Mass immigration has transformed London to the extent that it is totally unrecognisable from the city where I once grew up in. To paraphrase the venerable Mark Steyn, if you mix one kilo of ice cream with one kilo of faeces it will most likely come out tasting like the latter than the former. That is exactly how I see London’s demographics (minus the ice cream perhaps). I find myself constantly asking “Who are these people?” and “Why are they here?” They speak languages that sound like harsh, fuzzy noise, that disorientates and distracts me, a linguistic representation of the real-life confusion that so often surrounds me in London. Arabic, Balkan, and eastern European languages, basically anything east of the Adriatic right up to the Arabian sea, perplex me the most. Their mannerisms, appearance, accents, behaviour, body language, even the way they move, are all entirely foreign. They are strangers to this land and strangers to each other. I don’t like them, I don’t know them, and I don’t particularly want to know them either, and what’s more they are everywhere. There are so many foreigners in London that you can often observe foreign service providers serving foreign patrons, it is truly bizarre. There are far too many people in London who are just a stain on the country and a burden to society and to decent, well-meaning people and they are fundamentally at odds with the history and heritage of the place they inhabit. You don’t need to be a scholar of Spengler or Heidegger to come to the conclusion that it would be better for everyone if the vast majority of these people just left.

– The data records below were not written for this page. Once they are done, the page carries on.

Lemma gauss_weight_complete_square x :
  gauss_weight a b x = exp (b ^ 2 / (4 * a)) * exp (- (sqrt a * x - b / (2 * sqrt a)) ^ 2).
Proof.
  assert (Hsa : 0 < sqrt a) by (apply sqrt_lt_R0; lra).
  unfold gauss_weight; rewrite <- exp_plus; f_equal.
  assert (Ha2 := pow2_sqrt a (Rlt_le _ _ a_pos)).
  replace a with (sqrt a ^ 2) at 1 2 by exact Ha2; field; lra.
Qed.

Lemma Rabs_hermite_gauss_weight_le n x :
  Rabs (hermite n x * gauss_weight a b x)
  <= INR (Factorial.fact n) * exp (2 * INR n) * exp ((Rabs b + 3) ^ 2 / (4 * a)) * exp (- Rabs x).
Proof.
  rewrite Rabs_mult, (Rabs_right (gauss_weight a b x)) by (left; apply exp_pos).
  eapply Rle_trans.
  { apply Rmult_le_compat_r; [left; apply exp_pos | apply Rabs_hermite_le_exp]. }
  rewrite !Rmult_assoc; apply Rmult_le_compat_l; [apply pos_INR |].
  apply Rmult_le_compat_l; [left; apply exp_pos |].
  unfold gauss_weight; rewrite <- !exp_plus; apply Rle_exp.
  set (c := Rabs b + 3); set (y := Rabs x).
  assert (Hbx : b * x <= Rabs b * y) by (unfold y; rewrite <- Rabs_mult; apply Rle_abs).
  assert (Hsq : a * (y - c / (2 * a)) ^ 2 = a * y ^ 2 - c * y + c ^ 2 / (4 * a)) by (field; lra).
  assert (0 <= a * (y - c / (2 * a)) ^ 2) by (apply Rmult_le_pos; [lra | apply pow2_ge_0]).
  unfold y in *; rewrite pow2_abs in Hsq; unfold c in *; lra.
Qed.

Lemma is_lim_hermite_gauss_weight n (z : Rbar) :
  z = p_infty \/ z = m_infty -> is_lim (fun x => hermite n x * gauss_weight a b x) z 0.
Proof.
  intros Hz; eapply is_lim_dominated_abs_exp_neg; [exact Hz |].
  intro x; apply Rabs_hermite_gauss_weight_le.
Qed.

Let c := sqrt PI / (2 * sqrt a) * exp (b ^ 2 / (4 * a)).
Let s := b / a.
Let r := / a - 1.

Definition hermite_weight_primitive (n : nat) (F : R -> R) : Prop :=
  (forall x, is_derive F x (hermite n x * gauss_weight a b x)) /\
  is_lim F p_infty (c * gen_hermite s r n) /\ is_lim F m_infty (- (c * gen_hermite s r n)).

Lemma hermite_weight_primitive_0 :
  hermite_weight_primitive 0
    (fun x => exp (b ^ 2 / (4 * a)) / sqrt a * gauss_primitive (sqrt a * x - b / (2 * sqrt a))).
Proof.
  assert (Hsa : 0 < sqrt a) by (apply sqrt_lt_R0; lra).
  assert (Hlim : forall (z : Rbar) (l : R), z = p_infty \/ z = m_infty ->
            is_lim gauss_primitive z l ->
            is_lim (fun x => gauss_primitive (sqrt a * x - b / (2 * sqrt a))) z l).
  { intros z l Hz Hl; apply is_lim_comp_lin; [| lra].
    rewrite Rbar_mult_infty_pos by assumption; destruct Hz as [-> | ->]; exact Hl. }
  unfold hermite_weight_primitive, c; rewrite gen_hermite_0, Rmult_1_r.
  split; [| split].
  - intro x; eapply is_derive_eq.
    { apply is_derive_scal, (is_derive_comp gauss_primitive); [apply is_derive_gauss_primitive |].
      auto_derive; [exact I | reflexivity]. }
    rewrite gauss_weight_complete_square; unfold hermite; simpl.
    unfold scal; simpl; unfold mult; simpl; field; lra.
  - replace (Finite _) with (Rbar_mult (exp (b ^ 2 / (4 * a)) / sqrt a) (sqrt PI / 2))
      by (simpl; f_equal; field; lra).
    apply is_lim_scal_l, Hlim; [left; reflexivity | apply is_lim_gauss_primitive_p].
  - replace (Finite _) with (Rbar_mult (exp (b ^ 2 / (4 * a)) / sqrt a) (- (sqrt PI / 2)))
      by (simpl; f_equal; field; lra).
    apply is_lim_scal_l, Hlim; [right; reflexivity | apply is_lim_gauss_primitive_m].
Qed.

(* Since [(H_n w)' = (2 n H_(n-1) + (b - 2 a x) H_n) w], this combination differentiates to
   [(2 x H_n - 2 n H_(n-1)) w = H_(n+1) w]. *)
Lemma hermite_weight_primitive_S n F G :
  hermite_weight_primitive n F -> hermite_weight_primitive (pred n) G ->
  hermite_weight_primitive (S n)
    (fun x => s * F x + 2 * INR n * r * G x - / a * (hermite n x * gauss_weight a b x)).
Proof.
  intros [DF [F_p F_m]] [DG [G_p G_m]].
  assert (Hlim : forall (z : Rbar) (l : R), z = p_infty \/ z = m_infty ->
            is_lim F z (l * gen_hermite s r n) -> is_lim G z (l * gen_hermite s r (pred n)) ->
            is_lim (fun x => s * F x + 2 * INR n * r * G x
                             - / a * (hermite n x * gauss_weight a b x))
                   z (l * gen_hermite s r (S n))).
  { intros z l Hz HF HG.
    replace (l * gen_hermite s r (S n))
      with (s * (l * gen_hermite s r n) + 2 * INR n * r * (l * gen_hermite s r (pred n)) - / a * 0)
      by (rewrite gen_hermite_S; ring).
    apply is_lim_minus'; [apply is_lim_plus' |];
      apply (is_lim_scal_l _ _ z (Finite _)); auto using is_lim_hermite_gauss_weight. }
  split; [| split].
  - intro x; eapply is_derive_eq.
    { apply (@is_derive_minus R_AbsRing R_NormedModule);
        [apply (@is_derive_plus R_AbsRing R_NormedModule) |]; apply is_derive_scal;
        [apply DF | apply DG |].
      apply (is_derive_mult (hermite n) (gauss_weight a b));
        [apply is_derive_hermite | apply is_derive_gauss_weight | intros; apply Rmult_comm]. }
    rewrite hermite_S; unfold s, r, minus, plus, opp, scal, mult; simpl; unfold mult; simpl.
    field; lra.
  - apply Hlim; auto.
  - replace (- (c * gen_hermite s r (S n))) with ((- c) * gen_hermite s r (S n)) by ring.
    apply Hlim; [right; reflexivity | |];
      rewrite Ropp_mult_distr_l_reverse; assumption.
Qed.

Lemma ex_hermite_weight_primitive n : exists F, hermite_weight_primitive n F.
Proof.
  induction n as [n IH] using (well_founded_induction Wf_nat.lt_wf).
  destruct n as [| n]; [eexists; apply hermite_weight_primitive_0 |].
  destruct (IH n) as [F HF]; [lia |].
  destruct (IH (pred n)) as [G HG]; [lia |].
  eexists; apply hermite_weight_primitive_S; eassumption.
Qed.

End HermiteGaussWeight.

Lemma is_RInt_gen_hermite_gauss_weight (a b : R) (n : nat) : 0 < a ->
  is_RInt_gen (fun x => hermite n x * gauss_weight a b x)
    (Rbar_locally m_infty) (Rbar_locally p_infty)
    (sqrt PI / sqrt a * exp (b ^ 2 / (4 * a)) * gen_hermite (b / a) (/ a - 1) n).
Proof.
  intros Ha.
  destruct (ex_hermite_weight_primitive a b Ha n) as [F [DF [F_p F_m]]].
  assert (HD : forall x, Derive F x = hermite n x * gauss_weight a b x)
    by (intro; apply is_derive_unique, DF).
  assert (Hsa : 0 < sqrt a) by (apply sqrt_lt_R0; lra).
  set (v := sqrt PI / (2 * sqrt a) * exp (b ^ 2 / (4 * a)) * gen_hermite (b / a) (/ a - 1) n)
    in F_p, F_m.
  replace (sqrt PI / sqrt a * exp (b ^ 2 / (4 * a)) * gen_hermite (b / a) (/ a - 1) n)
    with (v - - v) by (unfold v; field; lra).
  eapply is_RInt_gen_ext; [apply filter_forall; intros ab x _; apply HD |].
  apply is_RInt_gen_Derive; [| | exact F_m | exact F_p].
  - apply filter_forall; intros ab x _; eexists; apply DF.
  - apply filter_forall; intros ab x _; eapply continuous_ext; [intro y; symmetry; apply HD |].
    apply (@continuous_mult R_UniformSpace R_AbsRing);
      [apply continuous_hermite | apply continuous_gauss_weight; exact Ha].
Qed.

(** * Growth of [gen_hermite] *)

(* Taylor coefficients of [exp (r * t ^ 2)]. *)
Fixpoint exp_sqr_coef (r : R) (i : nat) : R :=
  match i with
  | O => 1
  | S O => 0
  | S (S j as k) => 2 * r * exp_sqr_coef r j / INR (S k)
  end.

Definition gen_hermite_coef (s r : R) (n : nat) : R :=
  sum_f_R0 (fun i => s ^ i / INR (Factorial.fact i) * exp_sqr_coef r (n - i)) n.

Lemma gen_hermite_coef_SS s r n :
  INR (S (S n)) * gen_hermite_coef s r (S (S n))
  = s * gen_hermite_coef s r (S n) + 2 * r * gen_hermite_coef s r n.
Proof.
  set (T m i := s ^ i / INR (Factorial.fact i) * exp_sqr_coef r (m - i)).
  unfold gen_hermite_coef; fold (T (S (S n))) (T (S n)) (T n).
  rewrite scal_sum.
  rewrite (sum_eq _ (fun i => INR i * T (S (S n)) i + INR (S (S n) - i) * T (S (S n)) i))
    by (intros i Hi; rewrite minus_INR by exact Hi; ring).
  rewrite plus_sum; f_equal.
  - rewrite decomp_sum, scal_sum by lia; simpl pred.
    replace (INR 0 * T (S (S n)) 0%nat) with 0 by (simpl; ring); rewrite Rplus_0_l.
    apply sum_eq; intros i _; unfold T.
    rewrite fact_simpl, mult_INR; simpl pow; replace (S (S n) - S i)%nat with (S n - i)%nat by lia.
    pose proof (INR_fact_lt_0 i); pose proof (lt_0_INR (S i) ltac:(lia)); field; lra.
  - rewrite !tech5.
    assert (Hlast : INR (S (S n) - S (S n)) * T (S (S n)) (S (S n)) = 0)
      by (rewrite Nat.sub_diag; simpl; ring).
    assert (Hnext : INR (S (S n) - S n) * T (S (S n)) (S n) = 0)
      by (unfold T; replace (S (S n) - S n)%nat with 1%nat by lia; simpl; ring).
    rewrite Hlast, Hnext, !Rplus_0_r, scal_sum.
    apply sum_eq; intros i Hi; unfold T.
    replace (S (S n) - i)%nat with (S (S (n - i))) by lia.
    change (exp_sqr_coef r (S (S (n - i))))
      with (2 * r * exp_sqr_coef r (n - i) / INR (S (S (n - i)))).
    pose proof (lt_0_INR (S (S (n - i))) ltac:(lia)); pose proof (INR_fact_lt_0 i); field; lra.
Qed.

Lemma gen_hermite_eq_coef s r n :
  gen_hermite s r n = INR (Factorial.fact n) * gen_hermite_coef s r n.
Proof.
  induction n as [n IH] using (well_founded_induction Wf_nat.lt_wf).
  destruct n as [| [| n]]; [unfold gen_hermite, gen_hermite_coef; simpl; field .. |].
  rewrite gen_hermite_SS, (IH (S n)), (IH n) by lia.
  rewrite (fact_simpl (S n)), mult_INR.
  replace (INR (S (S n)) * INR (Factorial.fact (S n)) * gen_hermite_coef s r (S (S n)))
    with (INR (Factorial.fact (S n)) * (INR (S (S n)) * gen_hermite_coef s r (S (S n)))) by ring.
  rewrite gen_hermite_coef_SS, (fact_simpl n), mult_INR; ring.
Qed.

Lemma exp_sqr_coef_sqr_le r i :
  INR (Factorial.fact i) * exp_sqr_coef r i ^ 2 <= 2 ^ i * Rabs r ^ i.
Proof.
  induction i as [i IH] using (well_founded_induction Wf_nat.lt_wf).
  destruct i as [| [| i]]; [simpl; lra | simpl; pose proof (Rabs_pos r); lra |].
  assert (IHi := IH i ltac:(lia)).
  assert (Hi1 := lt_0_INR (S i) ltac:(lia)); assert (Hi2 := lt_0_INR (S (S i)) ltac:(lia)).
  assert (Hfi := INR_fact_lt_0 i).
  assert (Hratio : INR (S i) / INR (S (S i)) <= 1)
    by (apply (Rmult_le_reg_r (INR (S (S i)))); [lra |]; unfold Rdiv;
        rewrite Rmult_assoc, Rinv_l, (S_INR (S i)) by lra; lra).
  assert (Hrhs : 2 ^ S (S i) * Rabs r ^ S (S i) = 4 * r ^ 2 * (2 ^ i * Rabs r ^ i))
    by (rewrite <- pow2_abs; simpl; ring).
  assert (Hlhs : INR (Factorial.fact (S (S i))) * exp_sqr_coef r (S (S i)) ^ 2
                 = 4 * r ^ 2 * (INR (S i) / INR (S (S i)))
                   * (INR (Factorial.fact i) * exp_sqr_coef r i ^ 2)).
  { change (exp_sqr_coef r (S (S i))) with (2 * r * exp_sqr_coef r i / INR (S (S i))).
    rewrite (fact_simpl (S i)), (fact_simpl i), !mult_INR; field; lra. }
  rewrite Hlhs, Hrhs.
  assert (0 <= INR (Factorial.fact i) * exp_sqr_coef r i ^ 2)
    by (apply Rmult_le_pos; [lra | apply pow2_ge_0]).
  assert (0 <= INR (S i) / INR (S (S i))) by (apply Rdiv_le_0_compat; lra).
  assert (0 <= 4 * r ^ 2) by (pose proof (pow2_ge_0 r); lra).
  apply Rle_trans with (4 * r ^ 2 * 1 * (INR (Factorial.fact i) * exp_sqr_coef r i ^ 2)).
  - apply Rmult_le_compat_r, Rmult_le_compat_l; assumption.
  - rewrite Rmult_1_r; apply Rmult_le_compat_l; assumption.
Qed.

Much like in the former Soviet Union, in London you are never more than a short walk away from the ideology of the regime, its symbols are dotted everywhere. The Union Jack and flag of St. George have been replaced by various iterations of the rainbow flag, the Ukrainian flag, the EU flag and, most recently, the trans flag (it’s a long list), symbolising how the native culture of London has been replaced by the culture of globalism, imported from all regions of the world. Posters for the COVID vaccine, the black lives matter symbol (the author has always found it mildly funny that a fist is chosen for the BLM symbol, considering that group’s propensity for violent behaviour, but alas l digress), and the NHS logo are also very common. However you choose to view the transformation of this city, the total displacement of London – its people, its culture, and its history – is a fait accompli by the elites; as in no one voted for any of this nor were we asked if this is what we wanted. The change, I fear, is permanent and irreversible.

London is just too diverse to sustain the mutual obligations that are necessary for a high-trust, prosperous society. Before these wonderful people descended upon London, and the UK generally, this land, while not perfect by any means, was a safer, more pleasant, more recognisable place. The longer mass immigration and globalisation continue the more unpleasant London slowly becomes and the further it drifts away from its history and heritage. And the further it drifts away from me.